A machine-rendered reading of the paper's core claim, the machinery that carries it, and where it could break.

The paper builds three new datasets to test whether vision-language models can judge chronological order in pictures. One dataset uses nearly identical objects photographed across decades, another varies the types of events shown, and the third pairs pictures with dated news captions. Experiments reveal that models frequently succeed by noticing whether an image is grayscale or in color rather than grasping actual temporal sequences. This finding matters because it shows that current multimodal systems can appear competent on time-related tasks while relying on superficial visual patterns instead of logical understanding of history or sequence.

Core claim

VLMs show promise on chronological tasks yet frequently exploit superficial cues like grayscale versus color filters to bypass authentic chronological reasoning, as shown by performance differences across the three datasets that isolate temporal features from other visual and textual signals.

What carries the argument

Three specialized datasets: one with visually similar objects across long historical spans, one organized by diverse event and object categories, and one pairing images with time-sensitive news text for cross-modal checks; these datasets expose whether models use incorrect shortcuts rather than chronological logic.

If this is right

Models that succeed on all three datasets must demonstrate temporal order independent of image filters or caption style.
The datasets supply a diagnostic tool for measuring genuine multimodal temporal integration.
Performance gaps across categories point to specific weaknesses in how current models combine visual and textual time signals.
Future training can target removal of reliance on low-level cues such as color to improve chronological judgment.

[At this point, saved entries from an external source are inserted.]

Lemma admissibleV i g : g \in G -> g i != i ->
  A (g i) i <= 0 /\ ~ (exists k, 0 < A (g i) k /\ 0 < A k i).
Proof.
move=> gG gi_neq; have := admA.2 (g i) (g^-1)%g; rewrite groupV permK.
by apply=> //; rewrite eq_sym.
Qed.

Lemma admissible_mx0 i g : g \in G -> A i (g i) = 0.
Proof.
move=> gG; have [->|gi_neq] := eqVneq (g i) i; first exact: skew_by_diag0.
have [le0 _] := admA.2 i g gG gi_neq; have [le0V _] := admissibleV gG gi_neq.
apply/eqP; rewrite eq_le le0 leNgt -(skew_by_gt0 d_gt0 _ _ skA).
by rewrite -leNgt le0V.
Qed.

Lemma admissible_mutation_term0 i k g : g \in G ->
  mutation_term (A i k) (A k (g i)) = 0.
Proof.
move=> gG; have [->|gi_neq] := eqVneq (g i) i.
  apply: mutation_term_eq0.
    by rewrite (skew_by_gt0 d_gt0 k i skA); case: ltrgt0P.
  by rewrite -(skew_by_gt0 d_gt0 i k skA); case: ltrgt0P.
have [_ no_path] := admA.2 i g gG gi_neq.
have [_ no_pathV] := admissibleV gG gi_neq.
apply: mutation_term_eq0; apply/negP => /andP[a_sgn b_sgn].
  by apply: no_path; exists k.
apply: no_pathV; exists k.
by rewrite (skew_by_gt0 d_gt0 (g i) k skA) (skew_by_gt0 d_gt0 k i skA).
Qed.

Lemma admissible_vanishes_on_orbit i0 : vanishes_on (orbit 'P G i0) A.
Proof.
move=> _ _ /orbitP[g gG <-] /orbitP[h hG <-].
by have := admissible_mx0 (g i0) (groupM (groupVr gG) hG); rewrite permM permK.
Qed.

Lemma mut_set_mx_orbit0 i0 i g : g \in G -> mut_set_mx (orbit 'P G i0) A i (g i) = 0.
Proof.
move=> gG; rewrite mxE orbit_perm_stable // andbb orbb admissible_mx0 //.
case: (i \in orbit _ G i0); rewrite ?oppr0 // add0r big1 // => k _.
exact: admissible_mutation_term0.
Qed.

End AdmissibleOrbit.

Theorem mainTheorem11 (n : nat) (B : 'M[int]_n) (G : {group {perm 'I_n}})
    (A : 'M[int]_n) (x : 'I_n -> ambient n) (Omega : {set 'I_n}) :
  skew_symmetrizable B ->
  admissible B G ->
  seed_of_cluster_algebra B (A, x) ->
  G_invariant G (A, x) ->
  (exists i0 : 'I_n, Omega = [set (g : {perm 'I_n}) i0 | g in G]) ->
  let S' := orbit_mut Omega (A, x) in
  (forall g, g \in G -> is_mx_aut S'.1 g) /\
  (forall (i : 'I_n) (g : {perm 'I_n}), g \in G ->
     S'.1 i (g i) = 0 /\ S'.2 (g i) = perm_act g (S'.2 i)).
Proof.
(* Note that [set g i0 | g in G] is
   [orbit 'P G i0] up to conversion. *)
move=> [d [d_gt0 skB]] _ [s def_Ax] [x_equiv [autA admA]] [i0 ->] S'.
have skA : skew_by d A.
  by have := mut_seq_skew d_gt0 s (S := (B, @init_cluster n)) skB; rewrite def_Ax.
have -> : S' = (mut_set_mx (orbit 'P G i0) A, mut_set_cluster (orbit 'P G i0) A x).
  rewrite /S' /orbit_mut mut_seq_set ?enum_uniq ?set_enum //.
  exact: admissible_vanishes_on_orbit.
split=> [g gG | i g gG].
  exact: mut_set_mx_aut (@orbit_perm_stable _ G i0) autA g gG.
split; first exact: mut_set_mx_orbit0.
exact: mut_set_cluster_equivariant (@orbit_perm_stable _ G i0) autA x g i gG x_equiv.
Qed.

Where Pith is reading between the lines

These are editorial extensions of the paper, not claims the author makes directly.

Training data may need explicit supervision on temporal order beyond visual correlations to reduce shortcut use.
The benchmark could be adapted to test chronological reasoning in video sequences or multi-image stories.
If shortcut reliance proves widespread, evaluation protocols for other reasoning tasks may also need controls for superficial cues.

Load-bearing premise

The three datasets isolate chronological reasoning without introducing other visual or textual patterns that models could use in place of time logic.

What would settle it

If models achieve equal accuracy on color and grayscale versions of the same historical-object images, the claim that they rely on color shortcuts would be falsified.

Figures

Figures reproduced from arXiv: 2606.05702 by Caichong Li, Haoyu Zhou, Juncheng Hu, Qing Qing, Qixin Zhang, Renqiang Luo, Xikun Zhang, Yongcheng Jing, Ziqi Xu.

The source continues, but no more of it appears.